Distributed Robust Output Regulation of Heterogeneous Uncertain Linear Agents by Adaptive Internal Model Principle
This work addresses the output regulation problem for multi-agent systems with uncertain dynamics and time-varying topologies, providing a distributed solution that relaxes the need for all agents to access the exosystem.
The paper proposes a fully distributed controller for multi-agent output regulation, handling heterogeneous uncertain linear agents and time-varying directed networks, achieving perfect output regulation via an adaptive internal model principle. The approach generalizes the centralized internal model principle to distributed networks.

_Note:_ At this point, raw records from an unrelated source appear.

(* If s and t agree before the excedance i and s i < t i, then the Down step
   s i of t comes from some c > i, and t i > s i = t c contradicts
   [avoids321_wexc_max]. *)
Lemma exc_type_first_mismatch s t i :
  involution s -> involution t -> avoids321 t ->
  (forall k, exc_type s k = exc_type t k) -> (forall k, k < i -> s k = t k) ->
  i < s i -> s i < t i -> False.
Proof.
move=> inv_s inv_t av_t same_type agree hsi hst.
have hDa : t (s i) < s i.
  by rewrite -exc_typeD -same_type exc_typeD (involutionK inv_s).
set c := t (s i).
have hci : c != i.
  apply/eqP => eci; move: hst.
  by rewrite -[in t i]eci /c involutionK // ltnn.
have hic : i < c.
  rewrite ltn_neqAle eq_sym [_ != _]hci /= leqNgt; apply/negP => hc.
  have := agree c hc; rewrite /c involutionK // => e.
  by move/eqP: hci; apply; apply: (@perm_inj _ s); rewrite e.
have htc : c <= t c by rewrite /c (involutionK inv_t) ltnW.
have := avoids321_wexc_max av_t hic htc.
by rewrite /c (involutionK inv_t) leqNgt hst.
Qed.

Lemma exc_type_inj s t : involution s -> avoids321 s -> involution t -> avoids321 t ->
  (forall k, exc_type s k = exc_type t k) -> s = t.
Proof.
move=> inv_s av_s inv_t av_t same_type.
suff agree_below : forall n (i : 'I_m), i < n -> s i = t i.
  by apply/permP => i; exact: (agree_below i.+1 i (ltnSn _)).
elim=> // n IH i; rewrite ltnS leq_eqVlt => /orP [/eqP ei | ]; last exact: IH.
have agree : forall k : 'I_m, k < i -> s k = t k by move=> k; rewrite ei; exact: IH.
case: (ltngtP i (s i)) => hsi.
- case: (ltngtP (s i) (t i)) => hst; last exact: val_inj.
    by case: (exc_type_first_mismatch inv_s inv_t av_t same_type agree hsi hst).
  have agree' k : k < i -> t k = s k by move=> /agree ->.
  have hti : i < t i by rewrite -exc_typeU -same_type exc_typeU.
  by case: (exc_type_first_mismatch inv_t inv_s av_s
             (fun k => esym (same_type k)) agree' hti hst).
- apply: (@perm_inj _ t); rewrite (involutionK inv_t).
  by rewrite -agree ?(involutionK inv_s).
- have : exc_type t i == Flat by rewrite -same_type exc_typeF hsi.
  by rewrite exc_typeF => /eqP e; apply: val_inj; rewrite /= e -hsi.
Qed.

Definition rev_conj_fun s i : 'I_m := rev_ord (s (rev_ord i)).

Lemma rev_conj_fun_inj s : injective (rev_conj_fun s).
Proof. by move=> a b /rev_ord_inj /perm_inj /rev_ord_inj. Qed.

Definition rev_conj s : {perm 'I_m} := perm (@rev_conj_fun_inj s).

Lemma rev_conjE s i : rev_conj s i = rev_ord (s (rev_ord i)).
Proof. by rewrite permE. Qed.

Lemma centrosymmetricP s : reflect (rev_conj s = s) (centrosymmetric s).
Proof.
apply: (iffP forallP) => [sym|fixed i].
  apply/permP => i; apply: val_inj; rewrite rev_conjE /=.
  have := eqP (sym (rev_ord i)); rewrite rev_ordK.
  by have := ltn_ord (s (rev_ord i)); lia.
rewrite -{1}fixed rev_conjE /=.
by apply/eqP; have := ltn_ord (s (rev_ord i)); lia.
Qed.

Lemma rev_conj_involution s : involution s -> involution (rev_conj s).
Proof.
by move=> inv_s; apply/forallP => i; rewrite !rev_conjE rev_ordK involutionK ?rev_ordK.
Qed.

Lemma rev_conj_avoids321 s : avoids321 s -> avoids321 (rev_conj s).
Proof.
move=> av; apply/negP => /existsP [i /existsP [j /existsP [k /and4P[ij jk h1 h2]]]].
move/negP: av; apply; apply/existsP; exists (rev_ord k); apply/existsP.
exists (rev_ord j); apply/existsP; exists (rev_ord i).
rewrite !rev_conjE /= in h1 h2 *.
have := ltn_ord (s (rev_ord i)); have := ltn_ord (s (rev_ord j)).
have := ltn_ord (s (rev_ord k)); have := ltn_ord k.
by move=> *; apply/and4P; split; lia.
Qed.

Lemma exc_type_rev_conj s i :
  exc_type (rev_conj s) i = flip_step (exc_type s (rev_ord i)).
Proof.
rewrite /exc_type rev_conjE; set a := s (rev_ord i).
have ha := ltn_ord a; have hi := ltn_ord i.
have -> : (i < rev_ord a) = (a < rev_ord i) by rewrite /=; apply/idP/idP; lia.
have -> : (rev_ord a < i) = (rev_ord i < a) by rewrite /=; apply/idP/idP; lia.
by case: (ltngtP a (rev_ord i)).
Qed.

Lemma centro_exc_type s i :
  centrosymmetric s -> exc_type s (rev_ord i) = flip_step (exc_type s i).
Proof. by move=> /centrosymmetricP {1}<-; rewrite exc_type_rev_conj rev_ordK. Qed.

(* Extended by Flat outside 'I_m so that [nsteps] applies. *)
Definition type_word s (j : nat) : step :=
  if insub j is Some i then exc_type s i else Flat.

Lemma type_word_ord s c (hc : c < m) : type_word s c = exc_type s (Ordinal hc).
Proof. by rewrite /type_word insubT. Qed.

Lemma type_wordE s i : type_word s i = exc_type s i.
Proof. by rewrite /type_word valK. Qed.

Lemma nsteps_type_word s x c : c <= m ->
  nsteps (type_word s) x c = #|[set i : 'I_m | (i < c) && (exc_type s i == x)]|.
Proof.
elim: c => [|c IH] hc.
  rewrite nsteps0; apply/esym/eqP; rewrite cards_eq0.
  by apply/eqP/setP => v; rewrite !inE.
rewrite nstepsS IH ?(ltnW hc) //.
rewrite (cardsD1 (Ordinal hc) [set i : 'I_m | (i < c.+1) && (exc_type s i == x)]).
rewrite inE /= ltnSn /=.
rewrite (type_word_ord s hc) addnC; congr (_ + _).
apply: eq_card => v; rewrite !inE ltnS -val_eqE /=.
by case: (ltngtP v c).
Qed.

Lemma type_word_ballot s c : involution s -> c <= m ->
  nsteps (type_word s) Down c <= nsteps (type_word s) Up c.
Proof.
move=> inv_s hc; rewrite !nsteps_type_word //.
rewrite -(card_imset _ (@perm_inj _ s)); apply: subset_leq_card.
apply/subsetP => y /imsetP [i]; rewrite !inE exc_typeD => /andP[ic hi] ->.
by rewrite exc_typeU (involutionK inv_s) hi andbT (ltn_trans hi ic).
Qed.

Lemma type_word_flat_balanced s c : involution s -> avoids321 s -> c < m ->
  type_word s c = Flat -> nsteps (type_word s) Up c = nsteps (type_word s) Down c.
Proof.
move=> inv_s av hc cF; apply/eqP.
rewrite eqn_leq (type_word_ballot inv_s (ltnW hc)) andbT.
rewrite !(nsteps_type_word _ _ (ltnW hc)).
set J := Ordinal hc.
have sJ : s J = J.
  by apply: val_inj; apply/eqP; rewrite -exc_typeF -(type_word_ord s hc) cF.
rewrite -(card_imset _ (@perm_inj _ s)); apply: subset_leq_card.
apply/subsetP => y /imsetP [i]; rewrite !inE exc_typeU => /andP[iJ hi] ->.
rewrite exc_typeD (involutionK inv_s) hi andbT.
have := avoids321_wexc_max av (iJ : i < J) (_ : J <= s J); rewrite sJ => /(_ (leqnn _)).
rewrite leq_eqVlt => /orP[/eqP siJ|] //.
by move: iJ; rewrite (perm_inj (etrans (val_inj siJ) (esym sJ))) /= ltnn.
Qed.

End ExcedanceWord.

(** * The involution of a Motzkin path *)

Section MotzkinPerm.
Variables (W : nat -> step) (m : nat).
Hypothesis motzW : motzkin_path W m.

Definition positions (x : step) : seq nat := [seq j <- iota 0 m | W j == x].

Lemma index_positions x j : j < m -> W j = x -> index j (positions x) = nsteps W x j.
Proof.
move=> hj Wj.
rewrite /positions (_ : m = j + (m - j.+1).+1); last by lia.
rewrite iotaD add0n filter_cat index_cat mem_filter mem_iota add0n ltnn !andbF.
by rewrite size_filter /= Wj eqxx /= eqxx addn0.
Qed.

Lemma nth_positions x k : k < nsteps W x m ->
  [/\ nth 0 (positions x) k < m, W (nth 0 (positions x) k) = x &
      nsteps W x (nth 0 (positions x) k) = k].
Proof.
move=> hk; have hs : k < size (positions x) by rewrite size_filter.
have := mem_nth 0 hs; rewrite mem_filter mem_iota add0n => /andP[/eqP Wk hk'].
split => //; rewrite -index_positions //.
by apply: index_uniq => //; exact: filter_uniq (iota_uniq _ _).
Qed.

Definition partner (j : nat) : nat :=
  match W j with
  | Up => nth 0 (positions Down) (nsteps W Up j)
  | Down => nth 0 (positions Up) (nsteps W Down j)
  | Flat => j
  end.

Lemma partnerU j : j < m -> W j = Up ->
  [/\ partner j < m, W (partner j) = Down,
      nsteps W Down (partner j) = nsteps W Up j & j < partner j].
Proof.
move=> hj Wj; rewrite /partner Wj; case: motzW => ballot balanced _.
have hk : nsteps W Up j < nsteps W Down m by rewrite -balanced nsteps_lt.
case: (nth_positions hk); set y := nth _ _ _ => hy Wy ny; split => //.
rewrite ltnNge; apply/negP => hyj.
have hyj' : y < j.
  by rewrite ltn_neqAle hyj andbT; apply/eqP => e; move: Wy; rewrite e Wj.
have := ballot y.+1 (leq_trans hyj' (ltnW hj)); rewrite !nstepsS Wy /= ny.
by have := leq_nsteps W Up hyj; lia.
Qed.

Lemma partnerD j : j < m -> W j = Down ->
  [/\ partner j < m, W (partner j) = Up,
      nsteps W Up (partner j) = nsteps W Down j & partner j < j].
Proof.
move=> hj Wj; rewrite /partner Wj; case: motzW => ballot balanced _.
have hk : nsteps W Down j < nsteps W Up m by rewrite balanced nsteps_lt.
case: (nth_positions hk); set y := nth _ _ _ => hy Wy ny; split => //.
rewrite ltnNge; apply/negP => hyj.
have hyj' : j < y.
  by rewrite ltn_neqAle hyj andbT; apply/eqP => e; move: Wy; rewrite -e Wj.
have := ballot j.+1 hj; rewrite !nstepsS Wj /=.
by have := leq_nsteps W Up hyj; lia.
Qed.

Lemma partnerF j : W j = Flat -> partner j = j.
Proof. by move=> Wj; rewrite /partner Wj. Qed.

Lemma partner_lt j : j < m -> partner j < m.
Proof.
move=> hj; case Wj: (W j); last by rewrite partnerF.
  by case: (partnerU hj Wj).
by case: (partnerD hj Wj).
Qed.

We study a multi-agent output regulation problem, where not all agents have access to the exosystem's dynamics. We propose a fully distributed controller that solves the problem for linear, heterogeneous, and uncertain agent dynamics as well as time-varying directed networks. The distributed controller consists of two parts: (1) an exosystem generator that locally estimates the exosystem dynamics, and (2) a dynamic compensator that, by locally approaching the internal model of the exosystem, achieves perfect output regulation. Moreover, we extend this distributed controller to solve an output synchronization problem where not all agents initially have the same internal model dynamics. Our approach leverages methods from internal model based controller synthesis and multi-agent consensus over time-varying directed networks; the derived result is a generalization of the (centralized) internal model principle to the distributed, networked setting.